A similar shift recently occurred in Carroll Gardens. Napat “Angie” Ruangphung was a server at Ugly Baby before taking it over with colleagues and renaming it Hungry Thirsty. They changed the spice philosophy, too. At Ugly Baby, the food was indiscriminately hot, while the new approach is to “make food that tastes as similar as possible to what we eat in Thailand,” she says. “If the food is supposed to be spicy, we make it spicy. If it’s not, we make it not spicy.” Customers don’t seem to mind. When the restaurant was Ugly Baby, the most popular item was the laab ped udon. It was so tongue-numbing that the English description on the menu served as a warning: “stay away” spicy duck salad. Now, the top order is fried branzino. The hottest element — a vibrant cilantro-chile fish sauce — is served in a cup on the side.
And then there are those restaurants whose efforts to tone down the menu does raise the ire of at least some customers. Chen, from Wenwen, has watched in dismay as the portion of red chiles on top of a plate of raw shrimp at Somtum Der slowly evaporated over the last few years, looking back at old pictures on her phone to make sure she hadn’t imagined things. “I compared photos recently,” she says. “It’s about a fourth of the amount of chiles.”
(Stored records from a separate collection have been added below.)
(* Let $\pi:\Delta\to\mathbb F[\overline A,\overline B,\overline C]$ be the $\mathbb F$-algebra homomorphism sending $A\mapsto\overline A$, $B\mapsto\overline B$, $C\mapsto\overline C$. Then (i) $\langle A,B\rangle$ is the preimage under $\pi$ of the subalgebra $\mathbb F[\overline A,\overline B]$; (ii) $\langle B,C\rangle$ is the preimage of $\mathbb F[\overline B,\overline C]$; (iii) $\langle A,C\rangle$ is the preimage of $\mathbb F[\overline A,\overline C]$.
   Context: Let $\mathbb F$ be a field and fix a nonzero $q\in\mathbb F$ with $q^4\neq 1$. The universal Askey--Wilson algebra $\Delta$ is the associative $\mathbb F$-algebra with 1 with generators $A,B,C$ subject to the relations that each of $A+\frac{qBC-q^{-1}CB}{q^2-q^{-2}}$, $B+\frac{qCA-q^{-1}AC}{q^2-q^{-2}}$, $C+\frac{qAB-q^{-1}BA}{q^2-q^{-2}}$ is central. $\overline A,\overline B,\overline C$ are mutually commuting indeterminates, $\mathbb F[\overline A,\overline B]$ etc. denote the subalgebras of $\mathbb F[\overline A,\overline B,\overline C]$ generated by the indicated variables. For a subset $\mathcal S\subseteq\Delta$, $\langle\mathcal S\rangle$ denotes the $\mathbb F$-subalgebra of $\Delta$ generated by $\mathcal S$. *)

From HB Require Import structures.
From mathcomp Require Import all_boot all_order all_algebra.
From mathcomp Require Import mpoly.
Set Implicit Arguments. Unset Strict Implicit. Unset Printing Implicit Defensive.
Import GRing.Theory.
Local Open Scope ring_scope.

Definition central (F : fieldType) (R : algType F) (x : R) : Prop :=
  forall y : R, x * y = y * x.

Definition AW_rel (F : fieldType) (q : F) (R : algType F) (a b c : R) : Prop :=
  let k := (q ^+ 2 - q ^- 2)^-1 in
  [/\ central (a + k *: (q *: (b * c) - q^-1 *: (c * b))),
      central (b + k *: (q *: (c * a) - q^-1 *: (a * c))) &
      central (c + k *: (q *: (a * b) - q^-1 *: (b * a)))].

Definition alg_hom (F : fieldType) (R S : algType F) (f : R -> S) : Prop :=
  [/\ forall x y, f (x + y) = f x + f y,
      forall (a : F) x, f (a *: x) = a *: f x,
      forall x y, f (x * y) = f x * f y &
      f 1 = 1].

Definition is_universal_AW (F : fieldType) (q : F) (D : algType F)
  (A B C : D) : Prop :=
  AW_rel q A B C /\
  forall (R : algType F) (a b c : R), AW_rel q a b c ->
    (exists f : D -> R, [/\ alg_hom f, f A = a, f B = b & f C = c]) /\
    (forall f g : D -> R, alg_hom f -> alg_hom g ->
       f A = g A -> f B = g B -> f C = g C -> forall x, f x = g x).

Definition subalg_closedP (F : fieldType) (R : algType F) (P : R -> Prop) : Prop :=
  [/\ P 1, (forall x y, P x -> P y -> P (x + y)),
      (forall x y, P x -> P y -> P (x * y)) &
      (forall (a : F) x, P x -> P (a *: x))].

Definition gen_subalg (F : fieldType) (R : algType F) (S : R -> Prop) (x : R) : Prop :=
  forall P : R -> Prop, subalg_closedP P -> (forall s, S s -> P s) -> P x.

From HB Require Import structures.
From mathcomp Require Import all_boot all_order all_algebra.
From mathcomp Require Import mpoly.
From mathcomp Require Import boolp generic_quotient ring_quotient.
Set Implicit Arguments. Unset Strict Implicit. Unset Printing Implicit Defensive.
Import GRing.Theory.
Local Open Scope ring_scope.

(* Write S for <A, B>.  The central element
   gamma = C + (q A B - q^-1 B A)/(q^2 - q^-2) gives C = gamma + w with w in S, so
   Delta = S[gamma].  Let K be the ideal of S generated by [A, B].  Expanding
   [beta, B] = 0 for the second central element beta shows gamma [A, B] in K, so K is
   stable under gamma, hence a two-sided ideal of Delta; it lies in S and contains
   every commutator of Delta.  Thus Delta/K is commutative, and evaluating polynomials
   at the classes of A, B, C inverts pi modulo K: if pi x lies in F[Abar, Bbar] then
   x = z mod K for some z in S, so x lies in S.  The other two cases follow from the
   cyclic symmetry of the relations. *)

Section AlgHom.
Variable F : fieldType.

Lemma alg_homN (R S : algType F) (f : R -> S) : alg_hom f -> {morph f : x / - x}.
Proof. by case=> _ fZ _ _ x; rewrite -scaleN1r fZ scaleN1r. Qed.

Lemma alg_homB (R S : algType F) (f : R -> S) : alg_hom f ->
  {morph f : x y / x - y}.
Proof. by move=> hf x y; case: (hf) => fD _ _ _; rewrite fD (alg_homN hf). Qed.

Lemma alg_hom_id (R : algType F) : alg_hom (@id R).
Proof. by []. Qed.

Lemma alg_hom_comp (R S T : algType F) (f : R -> S) (g : S -> T) :
  alg_hom f -> alg_hom g -> alg_hom (g \o f).
Proof.
case=> fD fZ fM f1 [gD gZ gM g1]; split=> /= [x y|s x|x y|].
- by rewrite fD gD.
- by rewrite fZ gZ.
- by rewrite fM gM.
- by rewrite f1 g1.
Qed.

End AlgHom.

Section GeneratedSubalgebra.
Variables (F : fieldType) (R : algType F).

Section Generators.
Variable G : R -> Prop.

Lemma gen_subalg_closed : subalg_closedP (gen_subalg G).
Proof.
split=> [P [] //|x y hx hy P hP hG|x y hx hy P hP hG|s x hx P hP hG];
  case: (hP) => _ PD PM PZ.
- by apply: PD; [apply: hx|apply: hy].
- by apply: PM; [apply: hx|apply: hy].
- by apply: PZ; apply: hx.
Qed.

Lemma gen_subalg_base s : G s -> gen_subalg G s.
Proof. by move=> hs P _; apply. Qed.

Lemma gen_subalg1 : gen_subalg G 1.
Proof. by case: gen_subalg_closed. Qed.

Lemma gen_subalgD x y : gen_subalg G x -> gen_subalg G y -> gen_subalg G (x + y).
Proof. by case: gen_subalg_closed => _ + _ _; apply. Qed.

Lemma gen_subalgM x y : gen_subalg G x -> gen_subalg G y -> gen_subalg G (x * y).
Proof. by case: gen_subalg_closed => _ _ + _; apply. Qed.

Lemma gen_subalgZ s x : gen_subalg G x -> gen_subalg G (s *: x).
Proof. by case: gen_subalg_closed => _ _ _; apply. Qed.

Lemma gen_subalgB x y : gen_subalg G x -> gen_subalg G y -> gen_subalg G (x - y).
Proof.
by move=> hx hy; rewrite -scaleN1r; apply: gen_subalgD => //; apply: gen_subalgZ.
Qed.

End Generators.

Lemma gen_subalg_mono (G G' : R -> Prop) : (forall s, G s -> G' s) ->
  forall x, gen_subalg G x -> gen_subalg G' x.
Proof.
move=> GG' x hx; apply: hx; first exact: gen_subalg_closed.
by move=> s /GG'; apply: gen_subalg_base.
Qed.

Lemma gen_subalg_swap (u v x : R) :
  gen_subalg (fun y => y = u \/ y = v) x <-> gen_subalg (fun y => y = v \/ y = u) x.
Proof. by split; apply: gen_subalg_mono => s; rewrite or_comm. Qed.

End GeneratedSubalgebra.

Lemma alg_hom_gen_subalg (F : fieldType) (R T : algType F) (f : R -> T)
    (G : R -> Prop) (G' : T -> Prop) :
  alg_hom f -> (forall s, G s -> gen_subalg G' (f s)) ->
  forall x, gen_subalg G x -> gen_subalg G' (f x).
Proof.
case=> fD fZ fM f1 hG x hx; apply: hx hG.
have [c1 c2 c3 c4] := gen_subalg_closed G'.
split=> [|u v hu hv|u v hu hv|s u hu]; rewrite ?f1 ?fD ?fM ?fZ //.
- exact: c2.
- exact: c3.
- exact: c4.
Qed.

Definition rcomm (R : pzRingType) (x y : R) : R := x * y - y * x.

Section Commutator.
Variables (F : fieldType) (R : algType F).
Implicit Types x y z : R.

Lemma rcommC x y : rcomm x y = - rcomm y x.
Proof. by rewrite /rcomm opprB. Qed.

Lemma rcommxx x : rcomm x x = 0.
Proof. by rewrite /rcomm subrr. Qed.

Lemma rcommr1 x : rcomm x 1 = 0.
Proof. by rewrite /rcomm mulr1 mul1r subrr. Qed.

Lemma rcommDl x y z : rcomm (x + y) z = rcomm x z + rcomm y z.
Proof. by rewrite /rcomm mulrDl mulrDr opprD addrACA. Qed.

Lemma rcommDr x y z : rcomm z (x + y) = rcomm z x + rcomm z y.
Proof. by rewrite rcommC rcommDl opprD -!rcommC. Qed.

Lemma rcommZl s x y : rcomm (s *: x) y = s *: rcomm x y.
Proof. by rewrite /rcomm -scalerAl -scalerAr scalerBr. Qed.

Lemma rcommZr s x y : rcomm y (s *: x) = s *: rcomm y x.
Proof. by rewrite rcommC rcommZl -scalerN -rcommC. Qed.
Is all hope lost for the city’s chile lovers? Not necessarily. MáLà Project opened in 2015 offering four spice levels for its málà dry pot. Before the pandemic, the restaurant removed its fourth, hottest option; customers loved it, but owner Amelie Kang didn’t think it was the best showcase for her food’s flavors. Plus, the restaurant was running through pitchers of water, and “heat” was the main detail of the cooking that anyone talked about. For now, a “little spicy” level is the restaurant’s best seller, but since the extra-spicy option disappeared, enough guests have been asking about it that Kang tells me she’s planning to bring it back.